# [Task]
Every line containing the string "addey" should be returned from the records.

# [Source material]
Lemma lee_mix_le c x y b : 0 <= c <= 1 -> (x <= b%:E)%E -> (y <= b%:E)%E ->
  (c%:E * x + (1 - c)%:E * y <= b%:E)%E.
Proof.
move=> /andP[c0 c1] xb yb.
have c0' : (0 <= c%:E)%E by rewrite lee_fin.
have c1' : (0 <= (1 - c)%:E)%E by rewrite lee_fin subr_ge0.
apply: (le_trans (leeD (lee_wpmul2l c0' xb) (lee_wpmul2l c1' yb))).
by rewrite -!EFinM -EFinD lee_fin; lra.
Qed.

Lemma ereal_inf_le_approx (T : Type) (S : set T) (f : T -> \bar R) a d :
  (ereal_inf (f @` S) <= a%:E)%E -> 0 < d -> exists2 x, S x & (f x <= (a + d)%:E)%E.
Proof.
move=> infa d0; have : (ereal_inf (f @` S) < (a + d)%:E)%E.
  by apply: le_lt_trans infa _; rewrite lte_fin ltrDl.
by move=> /ereal_inf_lt[_ [x Sx <-] /ltW]; exists x.
Qed.

End ExtendedReals.

(** * Lower semicontinuity relative to a set *)

Definition lsc_at (R : realType) (T : topologicalType) (D : set T)
    (f : T -> \bar R) (x : T) : Prop :=
  forall a : R, (a%:E < f x)%E -> \forall y \near x, D y -> (a%:E < f y)%E.

Section LowerSemicontinuity.
Variables (R : realType) (T : topologicalType) (D : set T).
Implicit Types (f g : T -> \bar R) (x : T).

Lemma lsc_at_cst (r : \bar R) x : lsc_at D (fun=> r) x.
Proof. by move=> a ar; apply: nearW. Qed.

Lemma lsc_atD f g x : lsc_at D f x -> lsc_at D g x ->
  lsc_at D (fun y => f y + g y)%E x.
Proof.
move=> lf lg b /lte_fin_split[b1 [b2 [<- /lf N1 /lg N2]]].
by apply: filterS (filterI N1 N2) => y [H1 H2] Dy; rewrite EFinD lteD ?H1 ?H2.
Qed.

Lemma lsc_at_sum (I : Type) (s : seq I) (g : I -> T -> \bar R) x :
  (forall i, lsc_at D (g i) x) -> lsc_at D (fun y => \sum_(i <- s) g i y)%E x.
Proof.
move=> lg; elim: s => [|i s IH].
  by under eq_fun do rewrite big_nil; exact: lsc_at_cst.
by under eq_fun do rewrite big_cons; exact: lsc_atD.
Qed.

Lemma lsc_at_pmull (c : R) g x : 0 <= c -> lsc_at D g x ->
  lsc_at D (fun y => c%:E * g y)%E x.
Proof.
rewrite le_eqVlt => /predU1P[<- _|c0 lg].
  by under eq_fun do rewrite mul0e; exact: lsc_at_cst.
move=> b; rewrite lte_fin_pmull // => /lg.
by apply: filterS => y H Dy; rewrite lte_fin_pmull // H.
Qed.

Lemma lsc_at_comp (S : topologicalType) (E : set S) (phi : T -> S)
    (f : S -> \bar R) x :
  {homo phi : y / D y >-> E y} -> {for x, continuous phi} ->
  lsc_at E f (phi x) -> lsc_at D (f \o phi) x.
Proof.
move=> DE phic lf a /lf /phic N.
have : \forall y \near x, E (phi y) -> (a%:E < f (phi y))%E := N.
by apply: filterS => y H /DE /H.
Qed.

Lemma lsc_compact_bounded_below f : compact D ->
  (forall x, D x -> -oo < f x)%E -> (forall x, D x -> lsc_at D f x) ->
  exists m : R, forall x, D x -> (m%:E <= f x)%E.
Proof.
move=> coD fNy lscf; apply: contrapT => unbounded.
pose B r := [set x | D x /\ (f x < r%:E)%E].
have below r : B r !=set0.
  apply: contrapT => none; apply: unbounded; exists r => x Dx.
  by rewrite leNgt; apply/negP => fx; apply: none; exists x.
have : Filter (filter_from setT B).
  apply: filter_from_filter; first by exists 0.
  move=> r s _ _; exists (Num.min r s) => // x [Dx fx].
  by split; split => //; apply: (lt_le_trans fx); rewrite lee_fin ge_min lexx ?orbT.
move=> /filter_from_proper /(_ (fun r _ => below r)) FB.
have [|x [Dx clx]] := coD _ FB; first by exists 0 => // x [].
have [b bx] : exists b : R, (b%:E < f x)%E.
  case: (f x) (fNy x Dx) => [r _| _|//]; last by exists 0; exact: ltey.
  by exists (r - 1); rewrite lte_fin; lra.
have FBb : filter_from setT B (B b) by exists b.
have [y [[Dy fy] /(_ Dy) by_]] := clx _ _ FBb (lscf x Dx b bx).
by have := lt_trans by_ fy; rewrite ltxx.
Qed.

End LowerSemicontinuity.

(** * A minimax inequality *)

(* A point u with u.2 <= c < u.1 forces the weight t to be at least
   (c - u.2) / (u.1 - u.2); one with u.1 <= c < u.2 forces it to be at most
   (u.2 - c) / (u.2 - u.1).  The supremum of the lower constraints meets every
   upper one, because a violation would produce a mixture of two points of S
   lying in the quadrant below (c, c). *)
Lemma separating_weight (R : realType) (S : set (R * R)) (c : R) :
  (forall u v th, S u -> S v -> 0 <= th <= 1 ->
     c < th * u.1 + (1 - th) * v.1 \/ c < th * u.2 + (1 - th) * v.2) ->
  exists2 t, 0 <= t <= 1 & forall u, S u -> c <= t * u.1 + (1 - t) * u.2.
Proof.
move=> Sout.
have out u : S u -> c < u.1 \/ c < u.2.
  by move=> Su; have := Sout u u 1 Su Su; rewrite ler01 lexx subrr !mul0r !addr0 !mul1r; apply.
pose E := [set s | s = 0 \/ exists2 u, S u & u.2 <= c /\ s = (c - u.2) / (u.1 - u.2)].
have E1 : ubound E 1.
  move=> s [->|[u Su [u2c ->]]]; first exact: ler01.
  by case: (out u Su) => cu; [rewrite ler_pdivrMr|]; lra.
have supE : has_sup E by split; [exists 0; left|exists 1].
have supE01 : 0 <= sup E <= 1.
  by rewrite (sup_upper_bound supE) ?(ge_sup _ E1) //; [exists 0|]; left.
exists (sup E) => // -[g k] Su /=.
have [kc|ck] := leP k c.
  have cg : c < g by case: (out _ Su) => /=; lra.
  have : (c - k) / (g - k) <= sup E by apply: sup_upper_bound => //; right; exists (g, k).
  by rewrite ler_pdivrMr; nra.
have [gc|cg] := leP g c; last by nra.
suff : sup E <= (k - c) / (k - g) by rewrite ler_pdivlMr; nra.
apply: ge_sup; first by exists 0; left.
move=> s [->|[[g' k'] Su' /= [k'c ->]]]; first by rewrite divr_ge0 //; lra.
have cg' : c < g' by case: (out _ Su') => /=; lra.
pose th := (g' - c) / (g' - g).
have th01 : 0 <= th <= 1 by rewrite divr_ge0 ?ler_pdivrMr /=; lra.
have gth : th * g + (1 - th) * g' = c by rewrite /th; field; lra.
have : c < th * k + (1 - th) * k'.
  by case: (Sout (g, k) (g', k') th Su Su' th01) => /=; rewrite ?gth ?ltxx.
have -> : th * k + (1 - th) * k' = ((g' - c) * k + (c - g) * k') / (g' - g).
  by rewrite /th; field; lra.
rewrite ltr_pdivlMr; last lra.
move=> hk; rewrite ler_pdivrMr; last lra.
by rewrite mulrAC ler_pdivlMr; [nra|lra].
Qed.

Definition mix_closed (R : realType) (T : Type) (mixT : R -> T -> T -> T)
    (H : set T) : Prop :=
  forall t x y, 0 <= t <= 1 -> H x -> H y -> H (mixT t x y).

Definition mix_convex (R : realType) (T : Type) (mixT : R -> T -> T -> T)
    (H : set T) (f : T -> \bar R) : Prop :=
  forall t x y, 0 <= t <= 1 -> H x -> H y ->
    (f (mixT t x y) <= t%:E * f x + (1 - t)%:E * f y)%E.

Lemma mix_convex_pair_weight (R : realType) (T : Type) (mixT : R -> T -> T -> T)
    (H : set T) (G K : T -> \bar R) (c m : R) :
  mix_closed mixT H -> mix_convex mixT H G -> mix_convex mixT H K ->
  (forall h, H h -> (m%:E <= G h)%E /\ (m%:E <= K h)%E) ->
  (forall h, H h -> (c%:E < G h)%E \/ (c%:E < K h)%E) ->
  forall eta, 0 < eta -> exists2 t, 0 <= t <= 1 &
    forall h, H h -> ((c - eta)%:E <= t%:E * G h + (1 - t)%:E * K h)%E.
Proof.
move=> Hmix Gconv Kconv Hm Hc.
wlog mc : m Hm / m <= c.
  move=> /(_ (Num.min m c)) + eta eta0; apply => //; last by rewrite ge_min lexx orbT.
  move=> h /Hm[Gh Kh]; have mmin : ((Num.min m c)%:E <= m%:E)%E by rewrite lee_fin ge_min lexx.
  by split; apply: le_trans mmin _.
move=> eta eta0.
pose S := [set u : R * R | exists2 h, H h & G h = u.1%:E /\ K h = u.2%:E].
have [ts ts01 sep] : exists2 ts, 0 <= ts <= 1 &
    forall u, S u -> c <= ts * u.1 + (1 - ts) * u.2.
  apply: separating_weight => -[g1 k1] [g2 k2] th [h1 H1 [G1 K1]] [h2 H2 [G2 K2]] th01 /=.
  have := Gconv th h1 h2 th01 H1 H2; have := Kconv th h1 h2 th01 H1 H2.
  rewrite G1 G2 K1 K2 -!EFinM -!EFinD => Kmix Gmix.
  case: (Hc _ (Hmix th h1 h2 th01 H1 H2)) => [/lt_le_trans/(_ Gmix)|/lt_le_trans/(_ Kmix)];
    rewrite lte_fin; [left|right] => //.
pose d := Num.min 1 (eta / (c - m + 1)).
have d0 : 0 < d by rewrite lt_min ltr01 divr_gt0 //; lra.
have d1 : d <= 1 by rewrite ge_min lexx.
have dcm : d * (c - m) <= eta.
  have : d <= eta / (c - m + 1) by rewrite ge_min lexx orbT.
  rewrite ler_pdivlMr; nra.
(* Moving ts towards 1/2 keeps both weights positive, so that an infinite
   value of G or K is never multiplied by 0; this costs at most d (c - m). *)
pose t := (1 - d) * ts + d / 2.
have t0 : 0 < t by rewrite /t; nra.
have t1 : t < 1 by rewrite /t; nra.
exists t; first by rewrite !ltW.
move=> h Hh; have [Gm Km] := Hm h Hh.
case EG: (G h) Gm => [g| |] // Gm; case EK: (K h) Km => [k| |] // Km.
- have := sep (g, k) (ex_intro2 _ _ h Hh (conj EG EK)); rewrite /= -!EFinM -EFinD lee_fin.
  rewrite !lee_fin in Gm Km.
  have -> : t * g + (1 - t) * k = (1 - d) * (ts * g + (1 - ts) * k) + d * ((g + k) / 2).
    by rewrite /t; field.
  nra.
- by rewrite gt0_muley ?lte_fin ?subr_gt0 // addey ?leey.
- by rewrite gt0_muley ?lte_fin // addye ?leey // gt0_muley ?lte_fin ?subr_gt0.
- by rewrite !gt0_muley ?lte_fin ?subr_gt0 // addey ?leey.
Qed.

Section Minimax.
Variables (R : realType) (T : topologicalType) (P : Type).
Variables (mixT : R -> T -> T -> T) (mixP : R -> P -> P -> P).
Variables (H0 : set T) (U : set P) (F : T -> P -> \bar R) (M : R).
Hypothesis U_mix_closed : mix_closed mixP U.
Hypothesis F_convex : forall p, U p -> mix_convex mixT H0 (F^~ p).
Hypothesis F_concave : forall h t p q, H0 h -> 0 <= t <= 1 -> U p -> U q ->
  (t%:E * F h p + (1 - t)%:E * F h q <= F h (mixP t p q))%E.
Hypothesis F_bounded_below : forall h p, H0 h -> U p -> (M%:E <= F h p)%E.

# [Response]
- by rewrite gt0_muley ?lte_fin ?subr_gt0 // addey ?leey.
- by rewrite !gt0_muley ?lte_fin ?subr_gt0 // addey ?leey.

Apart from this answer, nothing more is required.